Der neue Regionalismus in der Handels- und Finanzpolitik
SWP-Studie 2003/S 04, 15.02.2003, 29 Seiten Forschungsgebiete
Seit Anfang der 1990er Jahre wird über das Verhältnis von
Globalisierung und Regionalisierung diskutiert. Damals wurden große
Freihandelszonen ins Leben gerufen, beispielsweise die nordamerikanische
NAFTA. Zwei entgegengesetzte Interpretationen dieser zweiten Welle des
Regionalismus waren zu verzeichnen: Einige Beobachter sahen die regionalen
Projekte als Baustein einer globalen Wirtschaftsordnung; andere interpretierten
den Regionalismus als Unterminierung der Welthandelsorganisation WTO
und sahen in ihm den größten Stolperstein für die Entwicklung
einer von Freihandel geprägten Welthandelsordnung.
In der ersten Dekade des 21. Jahrhunderts hat sich die Erscheinungsform
des Regionalismus abermals gewandelt. In dieser dritten Welle des Regionalismus
spielen große Freihandelszonen keine bedeutende Rolle mehr. Die
dritte Welle hat zwei Facetten: Zum einen werden bilaterale handelspolitische
Projekte in rascher Folge ins Leben gerufen, zum anderen zeichnet sich
ein Trend zu monetärem Regionalismus ab.
Viele kleinere Akteure sehen die Stabilität der internationalen
Handelsordnung gefährdet. Der wichtigste Anlaß für diese
Skepsis ist die zunehmende Konkurrenz zwischen der EU und den USA, die
in einen immer schärfer geführten Handelskrieg verstrickt
sind. Zugleich sind es gerade die EU und die USA, die immer neue Handelsprojekte
mit kleineren Ländern schaffen. Allein im November 2002 hat der
amerikanische Handelsbeauftragte Bob Zoellick zehn neue bilaterale Freihandelszonen
vorgeschlagen. Folge der Schaffung bilateraler Freihandelszonen ist,
daß damit Macht und Hierarchie in die Handelsbeziehungen zurückkehren:
Streitschlichtung findet innerhalb der Freihandelszonen, nicht in der
WTO statt. Die an die Einhaltung von Regeln gebundene internationale
Handelsordnung wird damit außer Kraft gesetzt.

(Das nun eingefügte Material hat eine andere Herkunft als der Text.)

(* Let $\Sigma$ be a signature and $G=(G,\sigma,\theta):\mathcal F_\Sigma\to\mathcal C$ a cwf morphism (under the standing assumptions below). Let $S$ be a type symbol not declared in $\Sigma$ and $\Gamma_S$ a precontext with ($\Gamma_S$ context)$\in\mathcal J(\Sigma)$, so that $\Sigma'=\Sigma\cup\{(\Gamma_S,S)\}$ is a signature. Then for every $A\in\mathrm{Ty}_{\mathcal C}(G(\Gamma_S))$ there is a unique cwf morphism $G'=(G',\sigma',\theta'):\mathcal F_{\Sigma'}\to\mathcal C$ with $G'\circ E=G$ and $\sigma'(\Gamma_S,S(\mathrm{OV}(\Gamma_S)))=A$, where $E:\mathcal F_\Sigma\to\mathcal F_{\Sigma'}$ is the canonical embedding.
   Context: Standing assumptions: the variable set is $V=\{1,2,3,\ldots\}$ with $\mathsf{fr}(X)=\max(\{1\}\cup\{x+1:x\in X\})$ and $\varphi(X)=\{\mathsf{fr}(X)\}$ for finite $X\subseteq V$; all declarations of signatures are on standard form, written $(\Gamma,S)$ (type) and $(\Gamma,f,U)$ (function). Preelements are terms built from variables and function symbols; a pretype is $S(t_1,\ldots,t_n)$ with $S$ a type symbol and $t_i$ preelements; $\mathrm{V}(E)$ is the set of variables of $E$; $E[\bar a/\bar x]$ is simultaneous substitution. A precontext is $\Gamma=x_1:A_1,\ldots,x_n:A_n$ with $x_k=\mathsf{fr}(\{x_1,\ldots,x_{k-1}\})$ and $\mathrm{V}(A_k)\subseteq\{x_1,\ldots,x_{k-1}\}$; $\mathrm{OV}(\Gamma)=x_1,\ldots,x_n$; $\mathrm{fresh}(\Gamma)=\mathsf{fr}(\{x_1,\ldots,x_n\})$; $E[\bar a/\Gamma]=E[\bar a/x_1,\ldots,x_n]$. A presignature is a set of declarations $(\Gamma,S)$ ($S$ a type symbol) and $(\Gamma,f,U)$ ($f$ a function symbol, $U$ a pretype with $\mathrm{V}(U)\subseteq\mathrm{V}(\Gamma)$), each symbol declared at most once. $\mathcal{J}(\Sigma)$ is the smallest set of judgements (''$\Gamma$ context'', ''$A$ type $(\Gamma)$'', ''$a:A\ (\Gamma)$'') closed under: (R1) $\langle\rangle$ context; (R2) from $\Gamma$ context and $A$ type $(\Gamma)$ infer $\Gamma,\mathrm{fresh}(\Gamma):A$ context; (R3) from $x_1:A_1,\ldots,x_n:A_n$ context infer $x_i:A_i\ (x_1:A_1,\ldots,x_n:A_n)$; (R4) if $(\Gamma,S)\in\Sigma$ and $\bar a:\Delta\to\Gamma$ infer $S(\bar a)$ type $(\Delta)$; (R5) if $(\Gamma,f,U)\in\Sigma$, $\bar a:\Delta\to\Gamma$ and $U[\bar a/\Gamma]$ type $(\Delta)$ infer $f(\bar a):U[\bar a/\Gamma]\ (\Delta)$; where, for $\Gamma=x_1:A_1,\ldots,x_n:A_n$, ''$\bar a:\Delta\to\Gamma$'' abbreviates the judgements $\Delta$ context, $\Gamma$ context, $a_k:A_k[a_1,\ldots,a_{k-1}/x_1,\ldots,x_{k-1}]\ (\Delta)$ ($k=1,\ldots,n$). $\Sigma$ is a signature if ($\Gamma$ context)$\in\mathcal{J}(\Sigma)$ for $(\Gamma,S)\in\Sigma$ and ($U$ type $(\Gamma)$)$\in\mathcal{J}(\Sigma)$ for $(\Gamma,f,U)\in\Sigma$. A category with families (cwf) consists of: a category $\mathcal C$ with a terminal object $\top$; for each object $\Gamma$ a class $\mathrm{Ty}(\Gamma)$, and for $f:\Delta\to\Gamma$ a function $A\mapsto A\{f\}:\mathrm{Ty}(\Gamma)\to\mathrm{Ty}(\Delta)$ with $A\{1\}=A$, $A\{f\circ g\}=A\{f\}\{g\}$; for $A\in\mathrm{Ty}(\Gamma)$ an object $\Gamma.A$ and a morphism $\mathrm{p}(A)=\mathrm{p}_\Gamma(A):\Gamma.A\to\Gamma$; for $A\in\mathrm{Ty}(\Gamma)$ a class $\mathrm{Tm}(\Gamma,A)$ and for $f:\Delta\to\Gamma$ a function $a\mapsto a\{f\}:\mathrm{Tm}(\Gamma,A)\to\mathrm{Tm}(\Delta,A\{f\})$ with $a\{1\}=a$, $a\{f\circ g\}=a\{f\}\{g\}$; for each $A\in\mathrm{Ty}(\Gamma)$ an element $\mathrm{v}_A\in\mathrm{Tm}(\Gamma.A,A\{\mathrm{p}(A)\})$; for $f:\Delta\to\Gamma$ and $a\in\mathrm{Tm}(\Delta,A\{f\})$ a morphism $\langle f,a\rangle_A:\Delta\to\Gamma.A$ such that $\mathrm{p}(A)\circ\langle f,a\rangle_A=f$, $\mathrm{v}_A\{\langle f,a\rangle_A\}=a$, $\langle\mathrm{p}(A)\circ h,\mathrm{v}_A\{h\}\rangle_A=h$ for every $h:\Delta\to\Gamma.A$, and $\langle f,a\rangle_A\circ g=\langle f\circ g,a\{g\}\rangle_A$. A cwf morphism $(F,\sigma,\theta):\mathcal C\to\mathcal C'$ consists of a functor $F$ with $F(\top)=\top'$; functions $\sigma_\Gamma:\mathrm{Ty}(\Gamma)\to\mathrm{Ty}'(F\Gamma)$ with $\sigma_\Delta(A\{f\})=\sigma_\Gamma(A)\{Ff\}$ for $f:\Delta\to\Gamma$, such that $F(\Gamma.A)=F\Gamma.\sigma_\Gamma(A)$ and $F(\mathrm{p}_\Gamma(A))=\mathrm{p}_{F\Gamma}(\sigma_\Gamma(A))$; and functions $\theta_{\Gamma,A}:\mathrm{Tm}(\Gamma,A)\to\mathrm{Tm}'(F\Gamma,\sigma_\Gamma(A))$ with $\theta_{\Delta,A\{f\}}(a\{f\})=\theta_{\Gamma,A}(a)\{Ff\}$, $\theta_{\Gamma.A,A\{\mathrm{p}(A)\}}(\mathrm{v}_A)=\mathrm{v}_{\sigma_\Gamma(A)}$, and $F(\langle f,a\rangle_A)=\langle Ff,\theta_{\Delta,A\{f\}}(a)\rangle_{\sigma_\Gamma(A)}$ for $f:\Delta\to\Gamma$, $a\in\mathrm{Tm}(\Delta,A\{f\})$. The cwf $\mathcal F_\Sigma$: objects are precontexts $\Gamma$ with ($\Gamma$ context)$\in\mathcal{J}(\Sigma)$; morphisms $\Delta\to\Gamma$ are triples $(\Delta,\Gamma,\bar a)$ with $\bar a:\Delta\to\Gamma$ a context map in $\mathcal{J}(\Sigma)$; composition $(\Gamma,\Theta,\bar t)\circ(\Delta,\Gamma,\bar s)=(\Delta,\Theta,(t_1[\bar s/\Gamma],\ldots,t_k[\bar s/\Gamma]))$; identity $(\Gamma,\Gamma,\mathrm{OV}(\Gamma))$; terminal object $\langle\rangle$. $\mathrm{Ty}(\Gamma)=\{(\Gamma,A): (A\text{ type }(\Gamma))\in\mathcal{J}(\Sigma)\}$ with $(\Gamma,A)\{(\Delta,\Gamma,\bar a)\}=(\Delta,A[\bar a/\Gamma])$; $\mathrm{Tm}(\Gamma,(\Gamma,A))=\{((\Gamma,A),a): (a:A\ (\Gamma))\in\mathcal{J}(\Sigma)\}$ with $((\Gamma,A),a)\{(\Delta,\Gamma,\bar a)\}=((\Delta,A[\bar a/\Gamma]),a[\bar a/\Gamma])$; for $\mathrm S=(\Gamma,S)$: $\Gamma.\mathrm S=\langle\Gamma,\mathrm{fresh}(\Gamma):S\rangle$, $\mathrm{p}_\Gamma(\mathrm S)=(\Gamma.\mathrm S,\Gamma,\mathrm{OV}(\Gamma))$, $\mathrm{v}_{\mathrm S}=((\Gamma.\mathrm S,S),\mathrm{fresh}(\Gamma))$, $\langle(\Delta,\Gamma,\bar s),((\Delta,S[\bar s/\Gamma]),b)\rangle_{\mathrm S}=(\Delta,\Gamma.\mathrm S,(\bar s,b))$. For a cwf morphism $(F,\sigma,\theta)$ out of $\mathcal F_\Sigma$ write $\sigma(\Gamma,A)$ for $\sigma_\Gamma((\Gamma,A))$ and $\theta(\Gamma,A,a)$ for $\theta_{\Gamma,(\Gamma,A)}(((\Gamma,A),a))$. For signatures $\Sigma\subseteq\Sigma'$, the canonical embedding $E:\mathcal F_\Sigma\to\mathcal F_{\Sigma'}$ is the cwf morphism which is the identity on objects, morphisms, types and terms. *)

From Stdlib Require Import List Arith Lia ProofIrrelevance.
Import ListNotations.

Etwas anders gelagert sind die Verhältnisse in Hinblick auf die
Schaffung eines stabilen internationalen Finanzsystems. Auf globaler
Ebene fehlen diejenigen Institutionen, die im nationalen Raum selbstverständlich
vorhanden sind. Es gibt keinen globalen Gläubiger der letzten Instanz,
kein internationales Insolvenzverfahren und keine Institution, die die
Stabilisierung von Wechselkursen als ihre Aufgabe betrachtet.
In einigen Regionen der Welt wird deshalb über monetären
Regionalismus nachgedacht. Wie können sich Ländergruppen vor
Finanzkrisen schützen und im Krisenfall gegenseitig unterstützen?
Welche Möglichkeiten zur Stabilisierung von Wechselkursen gibt
es im regionalen Verbund? Welche Bedingungen müssen erfüllt
sein, um einen solchen Prozeß erfolgreich zu implementieren? Monetärer
Regionalismus hat aber ebenfalls eine Schattenseite: Diese regionalen
Projekte schwächen die Versuche zur Schaffung einer multilateralen
Finanzordnung.
Um der Gefahr der weiteren Erosion des Multilateralismus zu begegnen,
sind sowohl handelspolitische als auch finanzpolitische Maßnahmen
notwendig. Vor allem aber müssen die EU und die USA auf den Pfad
der Kooperation zurückfinden. Nur von Europa und Amerika kann der
Trend zur Regionalisierung aufgehalten werden.